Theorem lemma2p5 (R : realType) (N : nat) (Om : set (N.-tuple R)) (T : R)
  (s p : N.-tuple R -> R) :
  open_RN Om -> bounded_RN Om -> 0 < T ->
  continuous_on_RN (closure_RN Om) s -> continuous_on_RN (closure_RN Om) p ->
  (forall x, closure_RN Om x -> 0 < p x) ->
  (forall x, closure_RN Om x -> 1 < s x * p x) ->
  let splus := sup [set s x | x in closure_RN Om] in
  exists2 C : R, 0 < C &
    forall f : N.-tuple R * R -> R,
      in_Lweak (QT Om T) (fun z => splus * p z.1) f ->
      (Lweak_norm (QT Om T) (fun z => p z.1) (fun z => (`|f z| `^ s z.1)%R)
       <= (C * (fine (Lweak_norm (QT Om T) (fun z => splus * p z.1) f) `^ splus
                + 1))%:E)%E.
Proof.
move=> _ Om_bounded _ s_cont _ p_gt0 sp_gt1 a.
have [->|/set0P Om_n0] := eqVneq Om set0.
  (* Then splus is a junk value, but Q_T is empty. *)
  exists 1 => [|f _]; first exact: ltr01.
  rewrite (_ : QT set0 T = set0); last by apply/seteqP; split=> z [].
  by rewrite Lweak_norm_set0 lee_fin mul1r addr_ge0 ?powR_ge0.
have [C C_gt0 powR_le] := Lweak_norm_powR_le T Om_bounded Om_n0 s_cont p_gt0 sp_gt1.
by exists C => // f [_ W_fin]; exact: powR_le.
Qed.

┄┄┄┄┄┄┄┄┄┄┄┄┄┄┄┄┄┄┄┄

■ Exercise prompt ■
Copy out every line from the data above that has "have" in it.

■ Task solution ■
have [->|/set0P Om_n0] := eqVneq Om set0.
have [C C_gt0 powR_le] := Lweak_norm_powR_le T Om_bounded Om_n0 s_cont p_gt0 sp_gt1.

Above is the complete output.